Rapper/Actor Common Talks Memoir, Good Storytelling, and Why He Hasn’t Gone Digital
September 19, 2011 by Felicia.Pride
He’s won Grammys, acted alongside Denzel Washington, and now, rapper/actor Common has garnered praise from Maya Angelou for his newly released memoir. She donned the book “magnificent.”
One Day It’ll All Make Sense, named after one of his albums, chronicles his Chicago upbringing, his break into music, and his desires for the future. Included with each chapter is a rather personal letter written to someone in his life–including former girlfriend Erykah Badu and friend Kanye West. Also embedded within the story are his mother’s reactions and thoughts about the different chapters of her son’s life.

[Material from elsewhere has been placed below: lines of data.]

(* Assume (A1)–(A8) and let $(x_i^k)$, $(y_i^k)$, $(\rho_i^k)$ ($i=1,\dots,n$) be generated by Algorithm PS. Then for each $i=1,\dots,n$: (a) $(\rho_i^k)_k$ is bounded; (b) $(x_i^k)_k$ is bounded; (c) there exist constants $\rho_{\min},\rho_{\max}$ (independent of $i$ and $k$) with $0<\rho_{\min}\le\rho_i^k\le\rho_{\max}<\infty$ for all $k\ge0$ and all $i$; (d) $(y_i^k)_k$ is bounded.
   Context: Standing setting. Let $\mathcal H_0,\dots,\mathcal H_{n-1}$ be real Hilbert spaces ($n\ge2$) and $\mathcal H_n:=\mathcal H_0$. Conventions: $0\cdot\infty=0$, $r\cdot\infty=\infty$ for $r>0$, $1/\infty=0$, $1/0=\infty$. For each $i=1,\dots,n$: (A1) $G_i:\mathcal H_0\to\mathcal H_i$ is bounded linear and $G_n=I$; (A2) $A_i:\mathcal H_i\rightrightarrows\mathcal H_i$ is maximal monotone; (A3) $B_i:\mathcal H_i\to\mathcal H_i$ is monotone and $\ell_i$-Lipschitz, $\ell_i\in[0,\infty)$; (A4) $C_i:\mathcal H_i\to\mathcal H_i$ is $\beta_i$-cocoercive with $\beta_i\in(0,\infty]$, i.e. $\langle x-y,C_ix-C_iy\rangle\ge\beta_i\|C_ix-C_iy\|^2$ for all $x,y$ (so $\beta_i=\infty$ means $C_i$ is constant, and then $1/(4\beta_i)=0$); (A5) $D_i:\mathcal H_i\to\mathcal H_i$ is monotone and continuously differentiable with $\|D_i'(x)-D_i'(y)\|\le m_i\|x-y\|$ for all $x,y$, $m_i\in[0,\infty)$; (A6) with $T_i:=A_i+B_i+C_i+D_i$, the inclusion $0\in\sum_{i=1}^nG_i^*T_i(G_iz)$ has at least one solution $z\in\mathcal H_0$; (A7) there is $\mathcal I_D\subset\{1,\dots,n\}$ with $m_i>0$ for $i\in\mathcal I_D$ and $m_i=0$, $D_i=0$ for $i\notin\mathcal I_D$. Notation: $D_{i,(u)}(x):=D_i(u)+D_i'(u)(x-u)$; for a maximal monotone $S$, $J_S:=(S+I)^{-1}$. $\boldsymbol{\mathcal H}:=\mathcal H_0\times\mathcal H_1\times\cdots\times\mathcal H_{n-1}$ with inner product $\langle p,\tilde p\rangle_\gamma:=\gamma\langle z,\tilde z\rangle+\sum_{i=1}^{n-1}\langle w_i,\tilde w_i\rangle$ for $p=(z,w_1,\dots,w_{n-1})$, $\tilde p=(\tilde z,\tilde w_1,\dots,\tilde w_{n-1})$, and norm $\|\cdot\|_\gamma$; for such $p$ one writes $w_n:=-\sum_{i=1}^{n-1}G_i^*w_i$. The extended solution set is $\mathcal S:=\{p\in\boldsymbol{\mathcal H}: w_i\in T_i(G_iz),\ i=1,\dots,n\}$ (with $w_n$ as just defined). Algorithm PS. Input: $(z^0,w_1^0,\dots,w_{n-1}^0)\in\boldsymbol{\mathcal H}$, $0<\underline\tau<\overline\tau<2$, $0<\underline\theta<\overline\theta<2$, $\hat\rho>0$, $\hat\delta>0$, $\gamma>0$; $w_n^0:=-\sum_{i=1}^{n-1}G_i^*w_i^0$. For $k=0,1,2,\dots$: for each $i=1,\dots,n$ define $(\rho_i^k,x_i^k,y_i^k)$ as follows. (i) If $w_i^k\in T_i(G_iz^k)$: $\rho_i^k=\hat\rho$, $x_i^k=G_iz^k$, $y_i^k=w_i^k$. (ii) Otherwise, if $i\in\mathcal I_D$: $\rho_i^k>0$ and $x_i^k=J_{\rho_i^k(A_i+D_{i,(G_iz^k)})}\big(G_iz^k+\rho_i^kw_i^k-\rho_i^k(B_i+C_i)(G_iz^k)\big)$ satisfy $\underline\theta\le4\ell_i^2(\rho_i^k)^2+(\beta_i^{-1}+\hat\delta)\rho_i^k+(m_i\rho_i^k\|x_i^k-G_iz^k\|)^2\le\overline\theta$, and $y_i^k=\frac{G_iz^k-x_i^k}{\rho_i^k}+w_i^k+[B_i(x_i^k)-B_i(G_iz^k)]+[D_i(x_i^k)-D_{i,(G_iz^k)}(x_i^k)]$. (iii) Otherwise ($i\notin\mathcal I_D$): some $\rho_i^k>0$ is chosen, $x_i^k=J_{\rho_i^kA_i}\big(G_iz^k+\rho_i^kw_i^k-\rho_i^k(B_i+C_i)(G_iz^k)\big)$ and $y_i^k=\frac{G_iz^k-x_i^k}{\rho_i^k}+w_i^k+[B_i(x_i^k)-B_i(G_iz^k)]$. Then set $u_i^k=x_i^k-G_ix_n^k$ ($i=1,\dots,n-1$), $v^k=\sum_{i=1}^nG_i^*y_i^k$, $\varphi_k=\langle z^k,v^k\rangle+\sum_{i=1}^{n-1}\langle w_i^k,u_i^k\rangle-\sum_{i=1}^n\big[\langle x_i^k,y_i^k\rangle+\frac1{4\beta_i}\|x_i^k-G_iz^k\|^2\big]$, $\pi_k=\gamma^{-1}\|v^k\|^2+\sum_{i=1}^{n-1}\|u_i^k\|^2$. If $\varphi_k>0$: choose $\tau_k\in[\underline\tau,\overline\tau]$, $\alpha_k=\tau_k\varphi_k/\pi_k$, $z^{k+1}=z^k-\gamma^{-1}\alpha_kv^k$, $w_i^{k+1}=w_i^k-\alpha_ku_i^k$ ($i=1,\dots,n-1$); otherwise $z^{k+1}=z^k$, $w_i^{k+1}=w_i^k$. Finally $w_n^{k+1}=-\sum_{i=1}^{n-1}G_i^*w_i^{k+1}$. (A8): for each $i\in\{1,\dots,n\}\setminus\mathcal I_D$ there are constants $\underline\rho_i,\overline\rho_i$ with $0<\underline\rho_i\le\rho_i^k\le\overline\rho_i<1/\big(\frac1{4\beta_i}+\ell_i\big)$ for all $k\ge0$ whenever $\rho_i^k$ is chosen in case (iii). *)

From HB Require Import structures.
From mathcomp Require Import all_boot all_order all_algebra.
From mathcomp Require Import all_classical all_reals.
From mathcomp Require Import topology normedtype derive.
Set Implicit Arguments. Unset Strict Implicit. Unset Printing Implicit Defensive.
Import Order.TTheory GRing.Theory Num.Theory.
Import numFieldNormedType.Exports.
Local Open Scope ring_scope.
Local Open Scope classical_set_scope.

HB.mixin Record CompleteNormedModule_isHilbert (R : realType) V
    of CompleteNormedModule R V := {
  inner : V -> V -> R;
  innerC : forall x y, inner x y = inner y x;
  innerDl : forall x y z, inner (x + y) z = inner x z + inner y z;
  innerZl : forall (a : R) x y, inner (a *: x) y = a * inner x y;
  inner_normE : forall x, inner x x = `|x| ^+ 2 }.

Common talks to inReads about the writing process, the elements of great stories and his take on print vs. digital.
inReads: Was writing a book something you always wanted to do?
Common: No, not at all. I was opposed to it even when the idea was mentioned to me. I didn’t think I was at a place in my life or career where I could write a book and have something to say. But I thought about it when my manager talked to me about what the perspective of the book could be. It’s about the relationship with my mother and the type of human being I’m growing to be and how I want to pass that on to other people, including the people I love.
inReads: What was the writing process like with your co-writer, Adam Bradley? Were there any similarities between that collaboration and collaborating with a music producer or artist?
Common: Not really. When you work with producers, it’s usually a 50/50 collaboration. With the book, it felt like I was more involved because I had to pull out what was going on with me and give it some type of expression and structure. I had to give a lot; with producers, they offer the music as a guide. With Adam, it was really like, “talk to me.” He was great though because he was able to pull out those special pieces and put the book together. He had great ideas that took the book to the level it is at.
inReads: Was any of the book hard to talk about?
Common: I look at myself as a pretty open person. I wear my heart out sometimes. Somebody told me that I was a private person about some things, and that’s probably true. But I wasn’t scared to talk about them. I read Malcolm X’s autobiography and other books by people who told their lives the way they went. I couldn’t be afraid to be free with it and I couldn’t hold back. I had to tell it like it is.
inReads: Were you a big reader growing up?
Common: I definitely used to read a lot. My mother made me read and write book reports about anything from Encyclopedia Brown to Invisible Man and Native Son. Books of that nature.
inReads: Who are some of your favorite storytellers from any realms–books, music, films?
Common: My father is one of my favorite storytellers. I also admire Spike Lee and Nas. Biggie was a great storyteller. I love Quentin Tarantino movies too.
inReads: What makes a good story?
Common: A great story can make you laugh, make you cry, make you be scared and weary. It can make you go through all these emotions in one story. Great stories are intriguing; sometimes you may not even know where it’s going. It engulfs you because of the way it’s being told. You feel its soul. Great stories resonate.
inReads: What do you try to accomplish as a storyteller?
Common: I try to tell a story of hope and of love—that love can range from love for what you do, love for God, love in a relationship, love for your hood, love from where you come from. I like to tell stories that have inspiration. I like to tell stories that are intriguing, fun and take you some place. In acting, I love to tell the story of being human.
inReads: Are there other MCs who you’d like to see write an autobiography?
Common: Nas is writing one with the same book company that I’ve worked with, so I’m glad about that. It would be great to hear his story. I think Kanye’s would be interesting. He’s a person who would tell his truth.
inReads: What’s the last great book that you read?
Common: The Four Agreements. I like books that deal with self-love, not how to live, but about life.
inReads: Have you gone digital? Do you own an e-reader?
Common: I like to have books in my hand. I like print.